Highlighting a problem: stability of the equilibrium of minimum timestamp enforcement

Many algorithms, especially PoS but ultimately PoW as well due to difficulty adjustment, rely on messages to be broadcasted at particular times, and so the protocols tend to enforce a rule that if a message, implicitly or explicitly, specifies some timestamp T, then another node will not process that message until the node’s local clock reaches T, or possibly T+k for some k (~2 hours in the case of bitcoin). Question: is the rule that, if a node receives a message with intended time T, at local clock time T’ < T, it should ignore the message until its own local clock time reaches T, a game-theoretic equilibrium?

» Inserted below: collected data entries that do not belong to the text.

(* Let $F\in\mathcal{F}^n$ with radial function $\rho$. For $x\in\mathbf{S}^n$, let $M(x)$ be an outward normal vector to a hyperplane supporting $F$ at $r(x)=\rho(x)x$, rescaled so that $\langle M(x),x\rangle=\rho(x)$. Then $v=-M(x)+\rho(x)x\in\partial\rho(x)$. Conversely, for each $v\in\partial\rho(x)$ there exists a unique hyperplane supporting $F$ at $r(x)$ with outward normal $M(x)$ such that $v=-M(x)+\rho(x)x$.
   Context: $\mathbf{S}^n$ is the unit sphere in $\mathbb{R}^{n+1}$, $n\ge1$, centered at the origin $\mathcal{O}$. $\mathcal{F}^n$ is the set of boundaries of compact convex sets in $\mathbb{R}^{n+1}$ containing $\mathcal{O}$ in their interior; for $F\in\mathcal{F}^n$ its radial function $\rho(x)$ is the distance from $\mathcal{O}$ to the point where the ray in direction $x\in\mathbf{S}^n$ meets $F$. For $f\in C(\mathbf{S}^n)$ and $x_0\in\mathbf{S}^n$, with tangent space $T\mathbf{S}^n_{x_0}=\{v\in\mathbb{R}^{n+1}:\langle v,x_0\rangle=0\}$, the subdifferential of $f$ at $x_0$ is $\partial f(x_0)=\{v\in T\mathbf{S}^n_{x_0}: f(x)\langle -v+f(x_0)x_0,x\rangle\le f^2(x_0)\ \forall x\in\mathbf{S}^n\}$. *)

From mathcomp Require Import all_boot all_order all_algebra all_classical all_reals all_analysis.
Import numFieldNormedType.Exports.
Set Implicit Arguments. Unset Strict Implicit. Unset Printing Implicit Defensive.
Import Order.TTheory GRing.Theory Num.Theory.
Local Open Scope classical_set_scope.
Local Open Scope ring_scope.

Definition dotv (R : realType) (n : nat) (u v : 'rV[R]_n.+1) : R := (u *m v^T) 0 0.

Definition sphere (R : realType) (n : nat) : set 'rV[R]_n.+1 :=
  [set x | dotv x x = 1].

Definition convex_setv (R : realType) (n : nat) (K : set 'rV[R]_n.+1) : Prop :=
  forall x y (t : R), K x -> K y -> 0 <= t -> t <= 1 -> K (t *: x + (1 - t) *: y).

Definition convex_body0 (R : realType) (n : nat) (K : set 'rV[R]_n.+1) : Prop :=
  [/\ compact K, convex_setv K & interior K 0].

(* Topological boundary of K; F = boundary K is an element of \mathcal{F}^n. *)
Definition boundary (R : realType) (n : nat) (K : set 'rV[R]_n.+1) : set 'rV[R]_n.+1 :=
  closure K `\` interior K.

(* rho is the radial function of F: for x in S^n, rho x is the distance from the
   origin to the point where the ray in direction x meets F, i.e. rho x >= 0 and
   rho x *: x lies on F (this point is unique for F in \mathcal{F}^n). *)
Definition radial_function (R : realType) (n : nat) (F : set 'rV[R]_n.+1)
  (rho : 'rV[R]_n.+1 -> R) : Prop :=
  forall x, sphere x -> 0 <= rho x /\ F (rho x *: x).

Definition subdiff (R : realType) (n : nat) (f : 'rV[R]_n.+1 -> R) (x0 : 'rV[R]_n.+1)
  : set 'rV[R]_n.+1 :=
  [set v | dotv v x0 = 0 /\
     forall x, sphere x -> f x * dotv (- v + f x0 *: x0) x <= f x0 ^+ 2].

(* N is an outward normal vector of a hyperplane supporting the convex body K
   (with boundary F) at the point p: the hyperplane {y | <N,y> = <N,p>} passes
   through p and K lies on the side {y | <N,y> <= <N,p>}. *)
Definition outward_support_normal (R : realType) (n : nat) (K : set 'rV[R]_n.+1)
  (p N : 'rV[R]_n.+1) : Prop :=
  N != 0 /\ forall y, K y -> dotv N y <= dotv N p.

From mathcomp Require Import all_boot all_order all_algebra all_classical all_reals all_analysis.
Import numFieldNormedType.Exports.
Set Implicit Arguments. Unset Strict Implicit. Unset Printing Implicit Defensive.
Import Order.TTheory GRing.Theory Num.Theory.
Local Open Scope classical_set_scope.
Local Open Scope ring_scope.

(* Write N := -v + rho(x) x.  Any y in K is s z with z on the sphere and
   0 <= s <= rho(z), since points strictly before the boundary on a ray from
   the interior point 0 are interior.  Hence "<N, y> <= rho(x)^2 for y in K"
   (N is an outward support normal at rho(x) x with <N, x> = rho(x)) and
   "rho(z) <N, z> <= rho(x)^2 for z on the sphere" (v is a subgradient) are
   the same condition, and N is determined by v. *)

Section DotProduct.
Variables (R : realType) (n : nat).
Implicit Types (u v w : 'rV[R]_n.+1).

Lemma dotvE u v : dotv u v = \sum_i u 0 i * v 0 i.
Proof. by rewrite /dotv !mxE; apply: eq_bigr => i _; rewrite mxE. Qed.

Lemma dotvC u v : dotv u v = dotv v u.
Proof. by rewrite !dotvE; apply: eq_bigr => i _; rewrite mulrC. Qed.

Lemma dotvDl u v w : dotv (u + v) w = dotv u w + dotv v w.
Proof. by rewrite !dotvE -big_split; apply: eq_bigr => i _; rewrite mxE mulrDl. Qed.

Lemma dotvNl u w : dotv (- u) w = - dotv u w.
Proof. by rewrite !dotvE -sumrN; apply: eq_bigr => i _; rewrite mxE mulNr. Qed.

Lemma dotvZl a u w : dotv (a *: u) w = a * dotv u w.
Proof. by rewrite !dotvE mulr_sumr; apply: eq_bigr => i _; rewrite mxE mulrA. Qed.

Lemma dotvZr a u w : dotv u (a *: w) = a * dotv u w.
Proof. by rewrite dotvC dotvZl dotvC. Qed.

Lemma dotv0r u : dotv u 0 = 0.
Proof. by rewrite -(scale0r 0) dotvZr mul0r. Qed.

Lemma dotvv_ge0 u : 0 <= dotv u u.
Proof. by rewrite dotvE; apply: sumr_ge0 => i _; rewrite -expr2 sqr_ge0. Qed.

Lemma dotvv_eq0 u : (dotv u u == 0) = (u == 0).
Proof.
apply/eqP/eqP => [uu0|->]; last exact: dotv0r.
apply/rowP => i; rewrite mxE; apply/eqP; rewrite -sqrf_eq0 expr2.
move: uu0; rewrite dotvE => /psumr_eq0P -> //= j _.
by rewrite -expr2 sqr_ge0.
Qed.

Lemma sphere_polar w : w != 0 ->
  exists s z, [/\ 0 < s, sphere z & w = s *: z].
Proof.
move=> w0; set s := Num.sqrt (dotv w w).
have s_gt0 : 0 < s by rewrite sqrtr_gt0 lt0r dotvv_eq0 w0 dotvv_ge0.
exists s, (s^-1 *: w); split => //; last first.
  by rewrite scalerA mulfV ?gt_eqF // scale1r.
rewrite /sphere /= dotvZl dotvZr mulrA -expr2 exprVn.
by rewrite sqr_sqrtr ?dotvv_ge0 // mulVf // dotvv_eq0.
Qed.

End DotProduct.

Lemma convex_interior_segment (R : realType) (n : nat) (K : set 'rV[R]_n.+1)
    (y : 'rV[R]_n.+1) (t : R) :
  convex_setv K -> interior K 0 -> K y -> 0 <= t < 1 -> interior K (t *: y).
Proof.
move=> cK /nbhs_ballP [e e_gt0 ballK] Ky /andP [t_ge0 t_lt1].
have t1_gt0 : 0 < 1 - t by rewrite subr_gt0.
apply/nbhs_ballP; exists ((1 - t) * e); first by rewrite /= mulr_gt0.
move=> w; rewrite -ball_normE /= => tyw.
set u := (1 - t)^-1 *: (w - t *: y).
have Ku : K u.
  apply: ballK; rewrite -ball_normE /= sub0r normrN normrZ.
  by rewrite ger0_norm ?invr_ge0 ?ltW // ltr_pdivrMl // -normrN opprB.
have -> : w = t *: y + (1 - t) *: u.
  by rewrite /u scalerA mulfV ?gt_eqF // scale1r addrC subrK.
by apply: cK => //; exact: ltW.
Qed.

Section RadialFunction.
Variables (R : realType) (n : nat) (K : set 'rV[R]_n.+1).
Hypothesis hK : convex_body0 K.
Variable rho : 'rV[R]_n.+1 -> R.
Hypothesis hrho : radial_function (boundary K) rho.

Lemma boundary_convex_body z : boundary K z -> K z /\ ~ interior K z.
Proof.
have [cpK _ _] := hK; move=> [Kz notiz]; split => //.
by rewrite (closure_id K).1 //; apply: compact_closed => //; exact: norm_hausdorff.
Qed.

Lemma radial_mem z : sphere z -> K (rho z *: z).
Proof. by move=> /hrho [_ /boundary_convex_body []]. Qed.

Lemma radial_gt0 z : sphere z -> 0 < rho z.
Proof.
move=> /hrho [rz_ge0 /boundary_convex_body [_ notint]].
rewrite lt0r rz_ge0 andbT; apply: contra_notN notint => /eqP ->.
by rewrite scale0r; case: hK.
Qed.

Lemma radial_ge s z : 0 < s -> sphere z -> K (s *: z) -> s <= rho z.
Proof.
move=> s_gt0 /hrho [rz_ge0 /boundary_convex_body [_ notint]] Ksz.
rewrite leNgt; apply/negP => rz_lt_s; apply: notint.
have [_ cK i0] := hK.
have -> : rho z *: z = (rho z / s) *: (s *: z).
  by rewrite scalerA mulfVK ?gt_eqF.
apply: convex_interior_segment => //.
by rewrite divr_ge0 ?(ltW s_gt0) //= ltr_pdivrMr // mul1r.
Qed.

Variable x : 'rV[R]_n.+1.
Hypothesis hx : sphere x.

Lemma support_normal_subdiff M :
  outward_support_normal K (rho x *: x) M -> dotv M x = rho x ->
  subdiff rho x (- M + rho x *: x).
Proof.
move=> [_ supM] Mx; split.
  by rewrite dotvDl dotvNl Mx dotvZl hx mulr1 addNr.
move=> z hz; rewrite opprD opprK subrK -dotvZr.
by rewrite (le_trans (supM _ (radial_mem hz))) // dotvZr Mx expr2.
Qed.

Lemma subdiff_support_normal v : subdiff rho x v ->
  outward_support_normal K (rho x *: x) (- v + rho x *: x) /\
  dotv (- v + rho x *: x) x = rho x.
Proof.
move=> [vx subv]; set N := - v + rho x *: x.
have Nx : dotv N x = rho x by rewrite dotvDl dotvNl vx dotvZl hx mulr1 oppr0 add0r.
split => //; split.
  apply: contraTneq (radial_gt0 hx) => N0.
  by rewrite -Nx N0 dotvC dotv0r ltxx.
move=> y Ky; rewrite dotvZr Nx -expr2.
have [->|y0] := eqVneq y 0; first by rewrite dotv0r sqr_ge0.
have [s [z [s_gt0 hz yE]]] := sphere_polar y0.
rewrite yE in Ky *; have s_le := radial_ge s_gt0 hz Ky.
rewrite dotvZr; have [Nz_le0|Nz_gt0] := leP (dotv N z) 0.
  by apply: le_trans (sqr_ge0 _); rewrite mulr_ge0_le0 // ltW.
by apply: le_trans (subv z hz); rewrite ler_pM2r.
Qed.

End RadialFunction.

Theorem proposition9 (R : realType) (n : nat) (hn : (1 <= n)%N)
  (K : set 'rV[R]_n.+1) (hK : convex_body0 K)
  (rho : 'rV[R]_n.+1 -> R) (hrho : radial_function (boundary K) rho)
  (x : 'rV[R]_n.+1) (hx : sphere x) :
  (forall M : 'rV[R]_n.+1,
     outward_support_normal K (rho x *: x) M -> dotv M x = rho x ->
     subdiff rho x (- M + rho x *: x))
  /\
  (forall v : 'rV[R]_n.+1, subdiff rho x v ->
     exists! M : 'rV[R]_n.+1,
       [/\ outward_support_normal K (rho x *: x) M, dotv M x = rho x
         & v = - M + rho x *: x]).
Proof.
split; first exact: support_normal_subdiff.
move=> v subv; exists (- v + rho x *: x).
have [supN Nx] := subdiff_support_normal hK hrho hx subv.
split; first by split; rewrite // opprD opprK subrK.
by move=> M [_ _ ->]; rewrite opprD opprK subrK.
Qed.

Clearly, at the extreme where clock time disparity and network disparity are zero, it is, because the time a message was sent is common knowledge and so it can be thought of as a tag attached to the message itself. But what if there are perturbations in both cases? Clearly, if one node perceives that its clock is earlier than that of every other node, it will likely have the incentive to adjust its clock forward to match everyone else’s, and if a node perceives that its click is later than that of everyone else, it will similarly want to adjust backward. Such a clock homogenizing force seems by itself benign.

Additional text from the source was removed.